▶ What is being asked: Determine how many lines of the entries contain "hermsymmx". Reply with that number alone.

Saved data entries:
(* Let $v_0\in\mathbb{R}^n$ be a unit vector, $\tau>0$, $\epsilon\ge 0$, and let $A\in\mathbb{R}^{n^2\times n}$. Let $T=\tau(v_0\otimes v_0)v_0^T+A\in\mathbb{R}^{n^2\times n}$. Suppose $A^TA=C\cdot\mathrm{Id}_{n\times n}+E$ for some real $C\ge 0$ and a matrix $E$ with $\|E\|\le\epsilon\tau^2$, and that $\|A^T(v_0\otimes v_0)\|\le\epsilon\tau$. Then every unit top eigenvector $u$ of $T^TT$ satisfies $\langle u,v_0\rangle^2\ge 1-O(\epsilon)$.
   Context: $T$ is the $n^2\times n$ unfolding of the tensor $\tau v_0^{\otimes3}+\mathbf{A}$, with $T[(j,k),i]=\mathbf{T}_{ijk}$; norms are operator norms. *)

From HB Require Import structures.
From mathcomp Require Import all_boot all_order all_algebra.
Set Implicit Arguments. Unset Strict Implicit. Unset Printing Implicit Defensive.
Import Order.TTheory GRing.Theory Num.Theory.
Local Open Scope ring_scope.

Definition vnorm (R : rcfType) (m : nat) (v : 'cV[R]_m) : R :=
  Num.sqrt (\sum_(i < m) v i 0 ^+ 2).

Definition vdot (R : rcfType) (m : nat) (u v : 'cV[R]_m) : R :=
  (u^T *m v) 0 0.

Definition opnorm_le (R : rcfType) (m k : nat) (M : 'M[R]_(m, k)) (c : R) : Prop :=
  forall x : 'cV[R]_k, vnorm (M *m x) <= c * vnorm x.

(* v (x) v in R^{n^2}, entry at index of (j,k) is v_j v_k. *)
Definition kron2 (R : rcfType) (n : nat) (v : 'cV[R]_n) : 'cV[R]_(n * n) :=
  (mxvec (v *m v^T))^T.

Definition top_eigenvector (R : rcfType) (n : nat) (M : 'M[R]_n) (u : 'cV[R]_n) : Prop :=
  exists lam : R,
    [/\ u != 0, M *m u = lam *: u &
        forall (mu : R) (w : 'cV[R]_n), w != 0 -> M *m w = mu *: w -> mu <= lam].

(* The top eigenvalue of the symmetric matrix T^T T dominates its Rayleigh
   quotient at v0 (spectral theorem over R[i]; the real or imaginary part of a
   complex eigenvector of a real matrix is a real eigenvector).  Expanding both
   Rayleigh quotients with A^T A = C + E, the C terms cancel and, writing
   c = <u, v0> and w = A^T (v0 (x) v0),
     tau^2 (1 - c^2) <= 2 tau (c <w, u> - <w, v0>) + u^T E u - v0^T E v0
                     <= 6 eps tau^2,
   so K = 6 works. *)
From HB Require Import structures.
From mathcomp Require Import all_boot all_order all_algebra.
From mathcomp Require Import ring lra.
From mathcomp Require Import complex spectral sesquilinear.
Import Order.TTheory GRing.Theory Num.Theory.
Local Open Scope ring_scope.
Set Implicit Arguments. Unset Strict Implicit.

Section RealDot.
Variables (R : rcfType) (m : nat).
Implicit Types (u v w x y : 'cV[R]_m) (a : R).

Lemma vdotE u v : vdot u v = \sum_i u i 0 * v i 0.
Proof. by rewrite /vdot mxE; apply: eq_bigr => i _; rewrite mxE. Qed.

Lemma vdotC u v : vdot u v = vdot v u.
Proof. by rewrite !vdotE; apply: eq_bigr => i _; rewrite mulrC. Qed.

Lemma vdotDr u v w : vdot u (v + w) = vdot u v + vdot u w.
Proof. by rewrite !vdotE -big_split; apply: eq_bigr => i _; rewrite mxE mulrDr. Qed.

Lemma vdotDl u v w : vdot (v + w) u = vdot v u + vdot w u.
Proof. by rewrite vdotC vdotDr !(vdotC u). Qed.

Lemma vdotZr a u v : vdot u (a *: v) = a * vdot u v.
Proof. by rewrite !vdotE mulr_sumr; apply: eq_bigr => i _; rewrite mxE mulrCA. Qed.

Lemma vdotZl a u v : vdot (a *: v) u = a * vdot v u.
Proof. by rewrite vdotC vdotZr vdotC. Qed.

Lemma vdotNr u v : vdot u (- v) = - vdot u v.
Proof. by rewrite -scaleN1r vdotZr mulN1r. Qed.

Lemma vdotNl u v : vdot (- v) u = - vdot v u.
Proof. by rewrite vdotC vdotNr vdotC. Qed.

Lemma vdot_ge0 u : 0 <= vdot u u.
Proof. by rewrite vdotE sumr_ge0 // => i _; rewrite -expr2 sqr_ge0. Qed.

Lemma vnormE u : vnorm u = Num.sqrt (vdot u u).
Proof. by rewrite /vnorm vdotE; congr Num.sqrt; apply: eq_bigr => i _; rewrite expr2. Qed.

Lemma vdot_unit u : vnorm u = 1 -> vdot u u = 1.
Proof. by rewrite vnormE => u1; rewrite -[LHS]sqr_sqrtr ?vdot_ge0 // u1 expr1n. Qed.

Lemma normr_vdot_unit_le x y : vdot x x = 1 -> `|vdot x y| <= vnorm y.
Proof.
move=> x1; set c := vdot x y.
have := vdot_ge0 (y - c *: x).
rewrite vdotDl !vdotDr !vdotNl !vdotNr !vdotZl !vdotZr x1 (vdotC y x) -/c => ge0.
by rewrite vnormE -sqrtr_sqr ler_sqrt ?vdot_ge0 // expr2; nra.
Qed.

End RealDot.

Lemma vdot_mulmx (R : rcfType) m k (A : 'M[R]_(m, k)) x y :
  vdot (A *m x) y = vdot x (A^T *m y).
Proof. by rewrite /vdot trmx_mul mulmxA. Qed.

Lemma opnorm_le_form (R : rcfType) m (E : 'M[R]_m) c x :
  opnorm_le E c -> vnorm x = 1 -> `|vdot x (E *m x)| <= c.
Proof.
move=> Ec x1; apply: le_trans (normr_vdot_unit_le _ (vdot_unit x1)) _.
by apply: le_trans (Ec x) _; rewrite x1 mulr1.
Qed.

Lemma sum_mxvec (R : nmodType) m n (F : 'I_(m * n) -> R) :
  \sum_k F k = \sum_i \sum_j F (mxvec_index i j).
Proof.
rewrite (reindex _ (curry_mxvec_bij m n)) /=.
by rewrite pair_bigA /=; apply: eq_bigr => -[i j].
Qed.

Lemma vdot_kron2 (R : rcfType) n (v : 'cV[R]_n) :
  vdot (kron2 v) (kron2 v) = vdot v v ^+ 2.
Proof.
rewrite vdotE sum_mxvec expr2 vdotE mulr_suml; apply: eq_bigr => i _.
rewrite mulr_sumr; apply: eq_bigr => j _.
by rewrite /kron2 !mxE mxvecE !mxE big_ord1 !mxE; ring.
Qed.

Section SpikedGram.
Variables (R : rcfType) (n : nat) (v0 : 'cV[R]_n) (tau C : R).
Variables (A : 'M[R]_(n * n, n)) (E : 'M[R]_n).
Hypotheses (v0_unit : vdot v0 v0 = 1) (gramA : A^T *m A = C%:M + E).
Let T := tau *: (kron2 v0 *m v0^T) + A.

Lemma spiked_gram_form x :
  vdot x ((T^T *m T) *m x) =
    tau ^+ 2 * vdot v0 x ^+ 2 + 2 * tau * vdot v0 x * vdot (A^T *m kron2 v0) x
    + C * vdot x x + vdot x (E *m x).
Proof.
have v0x : v0^T *m x = (vdot v0 x)%:M.
  by apply/matrixP => i j; rewrite !ord1 [RHS]mxE eqxx mulr1n.
have Tx : T *m x = (tau * vdot v0 x) *: kron2 v0 + A *m x.
  by rewrite /T mulmxDl -scalemxAl -mulmxA v0x mul_mx_scalar scalerA.
have cross : vdot (kron2 v0) (A *m x) = vdot (A^T *m kron2 v0) x.
  by rewrite vdot_mulmx trmxK.
have Ax2 : vdot (A *m x) (A *m x) = C * vdot x x + vdot x (E *m x).
  by rewrite vdot_mulmx mulmxA gramA mulmxDl mul_scalar_mx vdotDr vdotZr.
rewrite -mulmxA -vdot_mulmx Tx vdotDl !vdotDr !vdotZl !vdotZr vdot_kron2 v0_unit.
by rewrite cross (vdotC (A *m x)) cross Ax2; ring.
Qed.

End SpikedGram.

Section Hermitian.
Local Open Scope sesquilinear_scope.
Variables (C : numClosedFieldType) (n : nat).

Lemma diag_form_le (d : 'rV[C]_n) k (y : 'cV[C]_n) :
  (forall i, d 0 i <= d 0 k) ->
  (y^t* *m (diag_mx d *m y)) 0 0 <= d 0 k * (y^t* *m y) 0 0.
Proof.
move=> dk; rewrite mul_diag_mx !mxE mulr_sumr; apply: ler_sum => i _.
rewrite !mxE mulrCA ler_wpM2r ?dk //.
by rewrite mulrC mul_conjC_ge0.
Qed.

Lemma unitary_spectral_eigen (P : 'M[C]_n) (d : 'rV[C]_n) k :
  P \is unitarymx -> exists2 z : 'cV[C]_n, z != 0 & (P^t* *m diag_mx d *m P) *m z = d 0 k *: z.
Proof.
move=> /unitarymxP PPt; exists (P^t* *m delta_mx k 0).
  apply: contraTneq isT => z0; have := congr1 (mulmx P) z0.
  rewrite mulmxA PPt mul1mx mulmx0 => /matrixP/(_ k 0)/eqP.
  by rewrite !mxE !eqxx oner_eq0.
have De : diag_mx d *m delta_mx k 0 = d 0 k *: delta_mx k 0 :> 'cV_n.
  apply/matrixP => i j; rewrite mul_diag_mx !mxE.
  by case: (eqVneq i k) => [->|]; rewrite ?mulr0 ?mulr1.
by rewrite -!mulmxA (mulmxA P) PPt mul1mx De scalemxAr.
Qed.

End Hermitian.

Lemma ord_max_exists (R : realDomainType) n (f : 'I_n.+1 -> R) :
  exists k, forall i, f i <= f k.
Proof.
by case: (@arg_maxP _ _ _ ord0 xpredT f erefl) => k _ kmax; exists k => i; apply: kmax.
Qed.

Section RealSymmetric.
Variable R : rcfType.
Local Notation toC := (real_complex R).
Local Open Scope sesquilinear_scope.

Lemma realmx_row_max n (d : 'rV[R[i]]_n.+1) :
  d \is a realmx -> exists k, forall i, d 0 i <= d 0 k.
Proof.
move=> dR; have [k kmax] := ord_max_exists (fun i => complex.Re (d 0 i)).
exists k => i; rewrite -(RRe_real (mxOverP dR 0 i)) -(RRe_real (mxOverP dR 0 k)).
by rewrite lecR.
Qed.

Lemma hermitian_top_eigen n (Sc : 'M[R[i]]_n.+1) : Sc \is hermsymmx ->
  exists mu : R, (exists2 z : 'cV_n.+1, z != 0 & Sc *m z = toC mu *: z) /\
    forall x : 'cV_n.+1, (x^t* *m (Sc *m x)) 0 0 <= toC mu * (x^t* *m x) 0 0.
Proof.
move=> Sh; set P := spectralmx Sc; set d := spectral_diag Sc.
have Pu : P \is unitarymx := spectral_unitarymx Sc.
have SE : Sc = P^t* *m diag_mx d *m P.
  by rewrite -invmx_unitary //; apply/orthomx_spectralP/hermitian_normalmx.
have dR := hermitian_spectral_diag_real Sh.
have [k dk] := realmx_row_max dR.
have dkE : d 0 k = toC (complex.Re (d 0 k)) by rewrite RRe_real //; exact: (mxOverP dR 0 k).
exists (complex.Re (d 0 k)); split.
  by rewrite -dkE SE; exact: unitary_spectral_eigen.
move=> x; have PtP : P^t* *m P = 1%:M by apply/mulmx1C/unitarymxP.
have xPx : x^t* *m x = (P *m x)^t* *m (P *m x).
  by rewrite trmx_mul map_mxM mulmxA -(mulmxA _ _ P) PtP mulmx1.
have xSx : x^t* *m (Sc *m x) = (P *m x)^t* *m (diag_mx d *m (P *m x)).
  by rewrite SE trmx_mul map_mxM !mulmxA.
by rewrite xSx xPx -dkE; apply: diag_form_le.
Qed.

Lemma conjC_real_complex (r : R) : (toC r)^* = toC r.
Proof. by apply/CrealP/complex_realP; exists r. Qed.

Lemma Remx_real_mul m k p (S : 'M[R]_(m, k)) (z : 'M[R[i]]_(k, p)) :
  map_mx (@complex.Re R) (map_mx toC S *m z) = S *m map_mx (@complex.Re R) z.
Proof.
apply/matrixP => i j; rewrite !mxE (raddf_sum (@complex.Re R : Rcomplex R -> R)).
by apply: eq_bigr => l _; rewrite !mxE; case: (z l j) => a b /=; rewrite mul0r subr0.
Qed.

Lemma Immx_real_mul m k p (S : 'M[R]_(m, k)) (z : 'M[R[i]]_(k, p)) :
  map_mx (@complex.Im R) (map_mx toC S *m z) = S *m map_mx (@complex.Im R) z.
Proof.
apply/matrixP => i j; rewrite !mxE (raddf_sum (@complex.Im R : Rcomplex R -> R)).
by apply: eq_bigr => l _; rewrite !mxE; case: (z l j) => a b /=; rewrite mul0r addr0.
Qed.

Lemma real_eigenvector n (S : 'M[R]_n) (mu : R) (z : 'cV[R[i]]_n) :
  z != 0 -> map_mx toC S *m z = toC mu *: z ->
  exists2 w : 'cV[R]_n, w != 0 & S *m w = mu *: w.
Proof.
move=> z0 Sz; set zr := map_mx (@complex.Re R) z; set zi := map_mx (@complex.Im R) z.
have Szr : S *m zr = mu *: zr.
  rewrite -Remx_real_mul Sz; apply/matrixP => i j; rewrite !mxE.
  by case: (z i j) => a b /=; rewrite mul0r subr0.
have Szi : S *m zi = mu *: zi.
  rewrite -Immx_real_mul Sz; apply/matrixP => i j; rewrite !mxE.
  by case: (z i j) => a b /=; rewrite mul0r addr0.
have [zr0|] := eqVneq zr 0; last by exists zr.
exists zi => //; apply: contraNneq z0 => zi0; apply/eqP/matrixP => i j.
move/matrixP/(_ i j): zr0; move/matrixP/(_ i j): zi0; rewrite !mxE.
by case: (z i j) => a b /= -> ->.
Qed.

End RealSymmetric.

Lemma symmetric_eigen_ge_rayleigh (R : rcfType) n (S : 'M[R]_n) (x : 'cV[R]_n) :
  S^T = S -> vdot x x = 1 ->
  exists mu (w : 'cV[R]_n), [/\ w != 0, S *m w = mu *: w & vdot x (S *m x) <= mu].
Proof.
case: n S x => [|n] S x SS x1.
  by move: x1; rewrite /vdot mxE big_ord0 => /eqP; rewrite eq_sym oner_eq0.
pose toC := real_complex R.
have SCh : map_mx toC S \is hermsymmx.
  apply/is_hermitianmxP; rewrite expr0 scale1r; apply/matrixP => i j.
  by rewrite !mxE conjC_real_complex -[in RHS]SS mxE.
have [mu [[z z0 Sz] rayleigh]] := hermitian_top_eigen SCh.
have [w w0 Sw] := real_eigenvector z0 Sz.
exists mu, w; split => //.
have xC : map_mx Num.conj (map_mx toC x)^T = map_mx toC x^T.
  by apply/matrixP => i j; rewrite !mxE conjC_real_complex.
have := rayleigh (map_mx toC x).
by rewrite xC -!map_mxM ![map_mx toC _ 0 0]mxE -[(x^T *m x) 0 0]/(vdot x x) x1 mulr1 lecR.
Qed.

Lemma top_eigenvector_rayleigh (R : rcfType) n (M : 'M[R]_n) (u x : 'cV[R]_n) :
  M^T = M -> vnorm u = 1 -> top_eigenvector M u -> vnorm x = 1 ->
  vdot x (M *m x) <= vdot u (M *m u).
Proof.
move=> MM u1 [lam [_ Mu top]] x1.
have [mu [w [w0 Mw xMx]]] := symmetric_eigen_ge_rayleigh MM (vdot_unit x1).
by rewrite Mu vdotZr vdot_unit // mulr1 (le_trans xMx) // (top mu w).
Qed.

Theorem mainTheorem9 :
  exists K : nat,
  forall (R : rcfType) (n : nat) (v0 : 'cV[R]_n) (tau eps C : R)
         (A : 'M[R]_(n * n, n)) (E : 'M[R]_n),
    vnorm v0 = 1 -> 0 < tau -> 0 <= eps -> 0 <= C ->
    A^T *m A = C%:M + E ->
    opnorm_le E (eps * tau ^+ 2) ->
    vnorm (A^T *m kron2 v0) <= eps * tau ->
    let T := tau *: (kron2 v0 *m v0^T) + A in
    forall u : 'cV[R]_n,
      vnorm u = 1 -> top_eigenvector (T^T *m T) u ->
      1 - K%:R * eps <= vdot u v0 ^+ 2.
Proof.
exists 6%N => R n v0 tau eps C A E v0n tau_gt0 eps_ge0 _ gramA Eop w0n T u un top.
have v01 := vdot_unit v0n; have u1 := vdot_unit un.
have gram_sym : (T^T *m T)^T = T^T *m T by rewrite trmx_mul trmxK.
have := top_eigenvector_rayleigh gram_sym un top v0n.
rewrite /T !(spiked_gram_form tau v01 gramA) v01 u1 (vdotC u v0).
set c := vdot v0 u; set w0 := A^T *m kron2 v0 => rayleigh.
have c_le1 : `|c| <= 1 by rewrite -un normr_vdot_unit_le.
have w0u : `|vdot w0 u| <= eps * tau.
  by rewrite vdotC (le_trans (normr_vdot_unit_le _ u1)).
have w0v0 : `|vdot w0 v0| <= eps * tau.
  by rewrite vdotC (le_trans (normr_vdot_unit_le _ v01)).
have Eu := opnorm_le_form Eop un; have Ev0 := opnorm_le_form Eop v0n.
have cw0u : c * vdot w0 u <= eps * tau.
  rewrite (le_trans (ler_norm _)) // normrM -[eps * tau]mul1r.
  by rewrite ler_pM ?normr_ge0.
move: w0v0 Eu Ev0; rewrite !ler_norml => /andP[w0v0 _] /andP[_ Eu] /andP[Ev0 _].
have : tau ^+ 2 * (1 - 6%:R * eps - c ^+ 2) <= 0.
  have h1 : tau * (c * vdot w0 u) <= tau * (eps * tau) by rewrite ler_pM2l.
  have h2 : tau * - (eps * tau) <= tau * vdot w0 v0 by rewrite ler_pM2l.
  rewrite expr1n in rayleigh; lra.
by rewrite pmulr_rle0 ?exprn_gt0 //; lra.
Qed.
(* sigma_best is the infimum of the errors; the set is nonempty (z = 0)
   and bounded below by 0, so the infimum exists by completeness. *)
Lemma sigma_best_inf N B blk nrm omega p s x : 0 <= s ->
  is_inf (fun y => exists z : nat -> R, wl0 N B blk omega z <= s /\
      y = mixnorm B nrm omega p (vsub x z)) (sigma_best N B blk nrm omega p s x).
Proof.
  intros Hs. unfold sigma_best. apply epsilon_spec.
  set (E := fun y => exists z : nat -> R, wl0 N B blk omega z <= s /\
      y = mixnorm B nrm omega p (vsub x z)).
  destruct (completeness (fun y => E (- y))) as [l [Hub Hlub]].
  - exists 0. intros y [z [_ Hy]].
    assert (0 <= - y) by (rewrite Hy; apply rpow_nonneg). lra.
  - exists (- mixnorm B nrm omega p (vsub x (fun _ => 0))). exists (fun _ => 0).
    split; [|lra].
    unfold wl0, omega_set. rewrite (sumR_ext _ _ (fun _ => 0)), sumR_zero; [exact Hs|].
    intros b _. rewrite block_nz_zero. reflexivity.
  - exists (- l). split.
    + intros y Hy. assert (- y <= l) by (apply Hub; unfold E; rewrite Ropp_involutive; exact Hy).
      lra.
    + intros m Hm. assert (l <= - m); [|lra].
      apply Hlub. intros y Hy. assert (m <= - y) by (apply Hm, Hy). lra.
Qed.

Theorem mainTheorem2
  (N B : nat) (blk : nat -> nat) (omega : nat -> R)
  (nrm : nat -> (nat -> R) -> R) (p : R) (x : nat -> R) (pi : nat -> nat) (s : R) :
  is_block_partition N B blk ->
  (forall b, (b < B)%nat -> 1 <= omega b) ->
  is_block_norm N B blk nrm ->
  0 < p -> p <= 2 ->
  is_perm B pi ->
  ratio_sorted B nrm omega x pi ->
  omega_inf B omega ^ 2 <= s ->
  sigma_tilde B blk nrm omega p pi (3 * s) x <= sigma_best N B blk nrm omega p s x.
Proof.
  intros _ Hom Hnrm Hp _ Hperm Hsorted Hs.
  assert (Hs0 : 0 <= s) by (eapply Rle_trans; [apply pow2_ge_0|exact Hs]).
  apply (sigma_best_inf N B blk nrm omega p s x Hs0). intros y [z [Hz ->]].
  apply mixnorm_le; [exact Hp|].
  rewrite (sumR_ext _ _ _ (fun b => block_term_restrict N B blk nrm omega p _ x b Hnrm)).
  eapply Rle_trans; [|apply (block_terms_off_support N B blk nrm omega p x z Hnrm)].
  apply (quasi_best_tail_le B omega pi (fun b => nrm b x / omega b)
           (block_term nrm omega p x) p s); auto.
  - intros b Hb. apply Rmult_le_pos; [apply (Hnrm b Hb)|].
    assert (1 <= omega b) by auto. left; apply Rinv_0_lt_compat; lra.
  - intros b Hb. apply (block_term_split N B blk); auto.
Qed.
(* Let $q$ be an odd prime power, $\lambda$ a divisor of $q+1$ with $2\le\lambda<q+1$, $m=2t+1\ge5$, and $n=\frac{q^m+1}{\lambda}$. For integers $a,b,c$ let $f(a,b,c)=\frac{q^{t+1}+1}{\lambda}+a\frac{q^t-1}{\lambda}+bq^t+c$ and $g(a,b,c)=\frac{q^{t+1}-1}{\lambda}+a\frac{q^t+1}{\lambda}+bq^t+c$. If $t$ is even, let $T_1=\{f(0,0,c):c\in\mathbb{Z},-\frac q\lambda\le c\le\frac{q-2}{\lambda}\}$, $T_2=\{f(0,b,0):b\in\mathbb{Z},1\le b\le\frac{q-1}{\lambda}\}$, $T_3=\{f(2,b,0):b\in\mathbb{Z},0\le b\le\frac{q-3}{\lambda}\}$. If $t$ is odd, let $T_1=\{g(0,0,c):c\in\mathbb{Z},-\frac{q-2}{\lambda}\le c\le\frac q\lambda\}$, $T_2=\{g(0,b,0):b\in\mathbb{Z},1\le b\le\frac{q-1}{\lambda}\}$, $T_3=\{g(2,b,0):b\in\mathbb{Z},0\le b\le\frac{q-3}{\lambda}\}$. Then: (1) every integer $i$ with $1\le i<\frac{2q^{t+1}-2q+1}{\lambda}$, $i\not\equiv0\pmod q$ and $i\notin T_1\cup T_2\cup T_3$ is a coset leader modulo $n$ with $|C_i|=2m$, while no element of $T_1\cup T_2\cup T_3$ (with $i\not\equiv 0\pmod q$) is a coset leader modulo $n$; (2) no integer $i$ with $\frac{2q^{t+1}-2q+1}{\lambda}\le i\le\frac{2q^{t+1}+2q-1}{\lambda}$ is a coset leader modulo $n$.
   Context: For $0\le s\le n-1$, $C_s=\{sq^i\bmod n:i\ge0\}$ is the $q$-cyclotomic coset of $s$ modulo $n$; its least element is its coset leader. *)

From HB Require Import structures.
From mathcomp Require Import all_boot all_order all_algebra.
From mathcomp Require Import boolp.
Set Implicit Arguments. Unset Strict Implicit. Unset Printing Implicit Defensive.
Import Order.TTheory GRing.Theory Num.Theory.

Definition prime_power (q : nat) : Prop :=
  exists p k : nat, prime p /\ 0 < k /\ q = p ^ k.

Definition cyc_coset (q n s : nat) (x : nat) : Prop :=
  exists i : nat, x = (s * q ^ i) %% n.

▶ Response box: 2